04 November 2010
Generally when a film is anti-war and anti-military it accidentally (or at least incidentally) becomes a film which is half war-porn, which is either too concerned with being "fair to both sides of the argument" or simply shows too much bravery and valor and so-called heroism. Either way, the result is often a film which too easily can be seen as pro-war by anyone hoping to see such a thing. But Paths of Glory is much less equivocal about it. This is a film that depicts authority as distanced, amoral and petty, and doesn't leave much wiggle room to see it as anything else. Generals are self-serving and interested only in the prestige of victory, in what it will do for their careers and reputations. The death of their subordinates is shown (in the least uncertain terms I've ever seen) as registering no more guilt or difficulty than the loss of supplies, or fuel, or time.

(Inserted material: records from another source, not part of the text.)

(* Let $t<n$, let $\mathcal{E}$ be an information exchange and $P$ a decision protocol for the hard crash context $(\mathcal{E},\mathit{Crash}_t)$ such that SBA($\mathcal{N}$) is valid in $\mathcal{I}_{P,\mathcal{E},\mathit{Crash}_t}$. Then for every agent $i$ and value $v$, the formulas $C_{\mathcal{A}}(\mathtt{decides}_{\mathcal{A}}(v))\Leftrightarrow CB_{\mathcal{N}}(\mathtt{decides}_{\mathcal{N}}(v))$ and $i\in\mathcal{A}\Rightarrow\big(K_i C_{\mathcal{A}}(\mathtt{decides}_{\mathcal{A}}(v))\Leftrightarrow B^{\mathcal{N}}_i CB_{\mathcal{N}}(\mathtt{decides}_{\mathcal{N}}(v))\big)$ are valid in $\mathcal{I}_{P,\mathcal{E},\mathit{Crash}_t}$.
   Context: Agents $\mathrm{Agt}=\{1,\dots,n\}$; decision values $V$; actions $A_i=\{\mathtt{noop}\}\cup\{\mathtt{decide}_i(v):v\in V\}$. An information exchange $\mathcal{E}$ gives each agent $i$ a tuple $(L_i,I_i,M_i,\mu_i,\delta_i)$: local states $L_i$ of the form $\langle\mathit{init}_i,\mathit{time}_i,\dots\rangle$ ($\mathit{init}_i\in V$ the initial preference) together with a distinguished state $\mathit{crashed}$; initial states $I_i$; messages $M_i\ni\bot$; $\mu_i:L_i\times A_i\to(\mathrm{Agt}\to M_i)$; $\delta_i:L_i\times A_i\times\prod_jM_j\to L_i$ (preserving $\mathit{init}_i$, incrementing $\mathit{time}_i$). A decision protocol is $P=(P_i:L_i\to A_i)_i$; in the hard crash model $P_i(\mathit{crashed})=\mathtt{noop}$. A failure model $(L^*_e,I_e,\delta_e,\mathit{Adv})$ has environment states, initial ones, update $\delta_e:L^*_e\times\prod_iA_i\to L^*_e$, adversaries $(\Delta^t,\Delta^r,\Delta^s)$, $\Delta^t,\Delta^r:\mathbb{N}\times\mathrm{Agt}\times\mathrm{Agt}\times\bigcup_iM_i\to\bigcup_iM_i$, $\Delta^s_i:\mathbb{N}\times L_i\to L_i$. Runs $r$ of $\mathcal{I}_{P,\mathcal{E},\mathcal{F}}$: $r(0)=((s_e,\alpha),s_1,\dots,s_n)$ with $s_e\in I_e,\alpha\in\mathit{Adv},s_i\in I_i$; from $r(k)=((s_e,\alpha),s_1,\dots,s_n)$, $r(k+1)=((\delta_e(s_e,(a_1,\dots,a_n)),\alpha),s'_1,\dots,s'_n)$ with $a_i=P_i(s_i)$, $m_{i,j}=\mu_i(s_i,a_i)(j)$, $m'_{i,j}=\Delta^r(k,i,j,\Delta^t(k,i,j,m_{i,j}))$, $s^*_j=\delta_j(s_j,a_j,(m'_{1,j},\dots,m'_{n,j}))$, $s'_j=\Delta^s_j(k,s^*_j)$. $\mathit{Crash}_t$: adversaries in which at most $t$ agents crash; $\Delta^r(k,i,j,m)=m$ always; an agent $i$ crashing in round $k+1$ has $\Delta^s_i(k',s)=\mathit{crashed}$ for all $s$ and $k'\ge k$, some $J\subseteq\mathrm{Agt}$ with $\Delta^t(k,i,j,m)=\bot$ for $j\in J$ and $=m$ otherwise, and $\Delta^t(k',i,j,m)=\bot$ for all $j$ and $k'>k$; otherwise $\Delta^s_i$ and $\Delta^t(\cdot,i,\cdot,\cdot)$ act as identity. An agent has a fault in a round if its sent messages are altered, its received messages altered, or its updated state altered. $\mathcal{N}(r,m)$ = agents with no fault in any round of $r$; $\mathcal{A}(r,m)$ = agents with no fault in rounds $1..m$. $\mathtt{decides}_i(v)$ holds at $(r,m)$ iff $P_i(r_i(m))=\mathtt{decide}_i(v)$; $\mathtt{decides}_S(v):=\bigwedge_{i\in S}\mathtt{decides}_i(v)$. $(r,m)\sim_i(r',m')$ iff $r_i(m)=r'_i(m')$; $K_i\phi$ holds iff $\phi$ holds at all $\sim_i$-related points. For an indexical set $S$: $B^S_i\phi:=K_i(i\in S\Rightarrow\phi)$, $E^B_S\phi:=\bigwedge_{i\in S}B^S_i\phi$, $E_S\phi:=\bigwedge_{i\in S}K_i\phi$, $CB_S\phi:=\bigwedge_{k\ge1}(E^B_S)^k\phi$, $C_S\phi:=\bigwedge_{k\ge1}E_S^k\phi$. SBA($\mathcal{N}$) valid means in every run: each agent decides at most once; if $i\in\mathcal{N}(r,m)$ performs $\mathtt{decide}_i(v)$ at time $m$ then every $j\in\mathcal{N}(r,m)$ performs $\mathtt{decide}_j(v)$ at time $m$; and then some agent has initial preference $v$. *)

From mathcomp Require Import all_boot.

(* Actions A_i = {noop} U {decide_i(v) : v in V}; the agent index is implicit. *)
Inductive action (V : Type) : Type :=
  | noop : action V
  | decide : V -> action V.
Arguments noop {V}.
Arguments decide {V} _.

(* All agents' local states live in one type [lst] (agent-indexed functions
   select the relevant components), and all messages in one type [msg]
   (playing the role of the union of the M_i). *)
Record InfoExchange (n : nat) (V : Type) := {
  lst : Type;
  msg : Type;
  bot : msg;
  crashed : lst;
  init : 'I_n -> lst -> V;
  time : 'I_n -> lst -> nat;
  initial : 'I_n -> lst -> Prop;
  mu : 'I_n -> lst -> action V -> ('I_n -> msg);
  delta : 'I_n -> lst -> action V -> ('I_n -> msg) -> lst;
  initial_ok : forall i s, initial i s -> s <> crashed /\ time i s = 0;
  delta_ok : forall i s a ms, s <> crashed ->
    [/\ delta i s a ms <> crashed,
        init i (delta i s a ms) = init i s &
        time i (delta i s a ms) = (time i s).+1]
}.
Arguments lst {n V}. Arguments msg {n V}. Arguments bot {n V}.
Arguments crashed {n V}. Arguments init {n V}. Arguments time {n V}.
Arguments initial {n V}. Arguments mu {n V}. Arguments delta {n V}.

Record adversary (n : nat) (M L : Type) := {
  dt : nat -> 'I_n -> 'I_n -> M -> M;
  dr : nat -> 'I_n -> 'I_n -> M -> M;
  ds : 'I_n -> nat -> L -> L
}.
Arguments dt {n M L}. Arguments dr {n M L}. Arguments ds {n M L}.

Section System.
Variables (n t : nat) (V : Type) (E : InfoExchange n V)
          (P : 'I_n -> lst E -> action V)
          (Le : Type) (Ie : Le -> Prop) (de : Le -> ('I_n -> action V) -> Le).

Definition adv := adversary n (msg E) (lst E).

Definition crash_adv (a : adv) : Prop :=
  (forall k i j m, dr a k i j m = m) /\
  exists C : {set 'I_n}, #|C| <= t /\
    forall i, if i \in C then
      exists (k : nat) (J : {set 'I_n}),
        [/\ forall k' s, k' < k -> ds a i k' s = s,
            forall k' s, k <= k' -> ds a i k' s = crashed E,
            forall k' j m, k' < k -> dt a k' i j m = m,
            forall j m, dt a k i j m = (if j \in J then bot E else m) &
            forall k' j m, k < k' -> dt a k' i j m = bot E]
    else (forall k s, ds a i k s = s) /\ (forall k j m, dt a k i j m = m).

Definition gstate := ((Le * adv) * ('I_n -> lst E))%type.

Definition acts (g : gstate) (j : 'I_n) : action V := P j (g.2 j).
Definition sent (g : gstate) (i j : 'I_n) : msg E := mu E i (g.2 i) (acts g i) j.
Definition recv (k : nat) (g : gstate) (i j : 'I_n) : msg E :=
  dr g.1.2 k i j (dt g.1.2 k i j (sent g i j)).
Definition sstar (k : nat) (g : gstate) (j : 'I_n) : lst E :=
  delta E j (g.2 j) (acts g j) (fun i => recv k g i j).

Definition step (k : nat) (g : gstate) : gstate :=
  ((de g.1.1 (acts g), g.1.2), fun j => ds g.1.2 j k (sstar k g j)).

Definition run := nat -> gstate.

Definition is_run (r : run) : Prop :=
  [/\ Ie (r 0).1.1, crash_adv (r 0).1.2,
      (forall i, initial E i ((r 0).2 i)) &
      forall k, r k.+1 = step k (r k)].

(* Agent i has a fault in round k+1 of r. *)
Definition fault (r : run) (k : nat) (i : 'I_n) : Prop :=
  let g := r k in let a := g.1.2 in
  (exists j, dt a k i j (sent g i j) <> sent g i j) \/
  (exists j, dr a k j i (dt a k j i (sent g j i)) <> dt a k j i (sent g j i)) \/
  (ds a i k (sstar k g i) <> sstar k g i).

Definition point := (run * nat)%type.
Definition formula := point -> Prop.
Definition indexical := point -> 'I_n -> Prop.

Definition valid (phi : formula) : Prop := forall r m, is_run r -> phi (r, m).

Definition lstate (i : 'I_n) (p : point) : lst E := (p.1 p.2).2 i.

Definition Nset : indexical := fun p i => forall k, ~ fault p.1 k i.
Definition Aset : indexical := fun p i => forall k, k < p.2 -> ~ fault p.1 k i.

Definition Kn (i : 'I_n) (phi : formula) : formula := fun p =>
  forall r' m', is_run r' -> lstate i (r', m') = lstate i p -> phi (r', m').

Definition Bel (S : indexical) (i : 'I_n) (phi : formula) : formula :=
  Kn i (fun p => S p i -> phi p).

Definition EB (S : indexical) (phi : formula) : formula := fun p =>
  forall i, S p i -> Bel S i phi p.

Definition Eall (S : indexical) (phi : formula) : formula := fun p =>
  forall i, S p i -> Kn i phi p.

Fixpoint iterF (F : formula -> formula) (k : nat) (phi : formula) : formula :=
  match k with 0 => phi | k'.+1 => F (iterF F k' phi) end.

Definition CB (S : indexical) (phi : formula) : formula := fun p =>
  forall k, 0 < k -> iterF (EB S) k phi p.

Definition CK (S : indexical) (phi : formula) : formula := fun p =>
  forall k, 0 < k -> iterF (Eall S) k phi p.

Definition decides (i : 'I_n) (v : V) : formula := fun p =>
  P i (lstate i p) = decide v.

Definition decidesS (S : indexical) (v : V) : formula := fun p =>
  forall i, S p i -> decides i v p.

Definition SBA_N_valid : Prop :=
  forall r, is_run r ->
    (forall i m m' v v', decides i v (r, m) -> decides i v' (r, m') -> m = m') /\
    (forall i m v, Nset (r, m) i -> decides i v (r, m) ->
       (forall j, Nset (r, m) j -> decides j v (r, m)) /\
       exists j, init E j ((r 0).2 j) = v).

End System.

From mathcomp Require Import all_boot.
From Stdlib Require Import FunctionalExtensionality.

(** An agent belongs to A at time m exactly when its local state is not
    [crashed], so A is determined by the global state.  If i is in A at
    (r, m), then removing i from the crash set of the adversary yields a run
    with the same global states up to time m in which i and every agent of
    N(r, m) are nonfaulty.  Reviving the agent at both ends of an
    A-indistinguishability edge turns it into a chain of three N-belief edges;
    conversely every N-belief edge is an A-indistinguishability edge.  Hence
    C_A and CB_N quantify over the same points, which gives the first
    equivalence; the second follows since C_A only depends on the global
    state.  Neither SBA(N) nor the convention that crashed agents do [noop]
    is needed. *)

Set Implicit Arguments.
Unset Strict Implicit.

Fixpoint chain (T : Type) (R : T -> T -> Prop) (k : nat) (x y : T) : Prop :=
  match k with 0 => y = x | k'.+1 => exists z, R x z /\ chain R k' z y end.

Lemma chain_cat T (R : T -> T -> Prop) a b x y z :
  chain R a x y -> chain R b y z -> chain R (a + b) x z.
Proof.
elim: a x => [|a IH] x /=; first by move=> ->.
by move=> [x' [Rxx' x'y]] yz; exists x'; split => //; apply: IH yz.
Qed.

Lemma chain_mono T (R R' : T -> T -> Prop) k x y :
  (forall u w, R u w -> R' u w) -> chain R k x y -> chain R' k x y.
Proof.
move=> subRR'; elim: k x => [|k IH] x //= [x' [Rxx' x'y]].
by exists x'; split; [apply: subRR' | apply: IH].
Qed.

Lemma chain_last T (R : T -> T -> Prop) (Q : T -> Prop) k x y :
  (forall u w, R u w -> Q w) -> chain R k.+1 x y -> Q y.
Proof.
move=> RQ; elim: k x => [|k IH] x /= [x' [Rxx' x'y]]; last exact: IH x'y.
by rewrite x'y; apply: RQ Rxx'.
Qed.

Section CrashRuns.
Variables (n t : nat) (V : Type) (E : InfoExchange n V)
          (P : 'I_n -> lst E -> action V)
          (Le : Type) (Ie : Le -> Prop) (de : Le -> ('I_n -> action V) -> Le).

Local Notation isrun := (is_run n t V E P Le Ie de).
Local Notation point := (point n V E Le).
Local Notation formula := (formula n V E Le).
Local Notation indexical := (indexical n V E Le).
Local Notation gstate := (gstate n V E Le).
Local Notation adv := (adv n V E).
Local Notation A := (Aset n V E P Le).
Local Notation N := (Nset n V E P Le).
Local Notation fault := (fault n V E P Le).
Local Notation step := (step n V E P Le de).
Local Notation sstar := (sstar n V E P Le).
Local Notation lstate := (lstate n V E Le).
Local Notation crash_adv := (crash_adv n t V E).
Local Notation iterF := (iterF n V E Le).
Local Notation Eall := (Eall n t V E P Le Ie de).
Local Notation EB := (EB n t V E P Le Ie de).
Local Notation CKA := (CK n t V E P Le Ie de A).
Local Notation CBN := (CB n t V E P Le Ie de N).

The drama of the story is strong, anchored by Kirk Douglas and a sharp script. To be honest, not every performer lived up to the material, but it's always easier to forgive that in a movie over fifty years old (it was a different era, etc., etc.) and anyway it's not nearly enough to drag down this film. Plus, the film is deceptively short! Maybe I'm just used to grander pieces by Kubrick, but I expected more from the first trial... and when I didn't get it I naturally assumed the greater story would be the second trial, of the general whose glory-seeking traitorous orders set the story in motion. But no, once Colonel Dax tells off the Major General the story has a quick and beautifully abstract (that is, tangential to the direct plot but resonating on a deeper level to what we've seen and what we know) closing scene, and it's done. In and out in under 90 minutes.
But there's something great about that. Because really, by that point it's said all it has to say. It didn't really wrap up all its threads in a cathartic-resolution way, but each story got enough that I'm not left wondering what next. It didn't overstay its welcome because the message is a little more poetic if it's left unspelled-out, the occasional loose end or raw nerve only making the sting a bit sharper.
And as a side note, just before watching this I'd asked a friend if he could think of any repeat performer in a Kubrick film besides Kirk Douglas. There must be other examples as well, but right here in Paths of Glory, as the outspoken, too-smart-to-be-a-soldier Private Arnaud, is Joe ("Joseph") Turkel, a.k.a. Lloyd the bartender from The Shining, also familiar to film nerds (like me) as Eldon Tyrell, the proto-Jobs/Gates-hybrid CEO/Father/God from Blade Runner -- so young!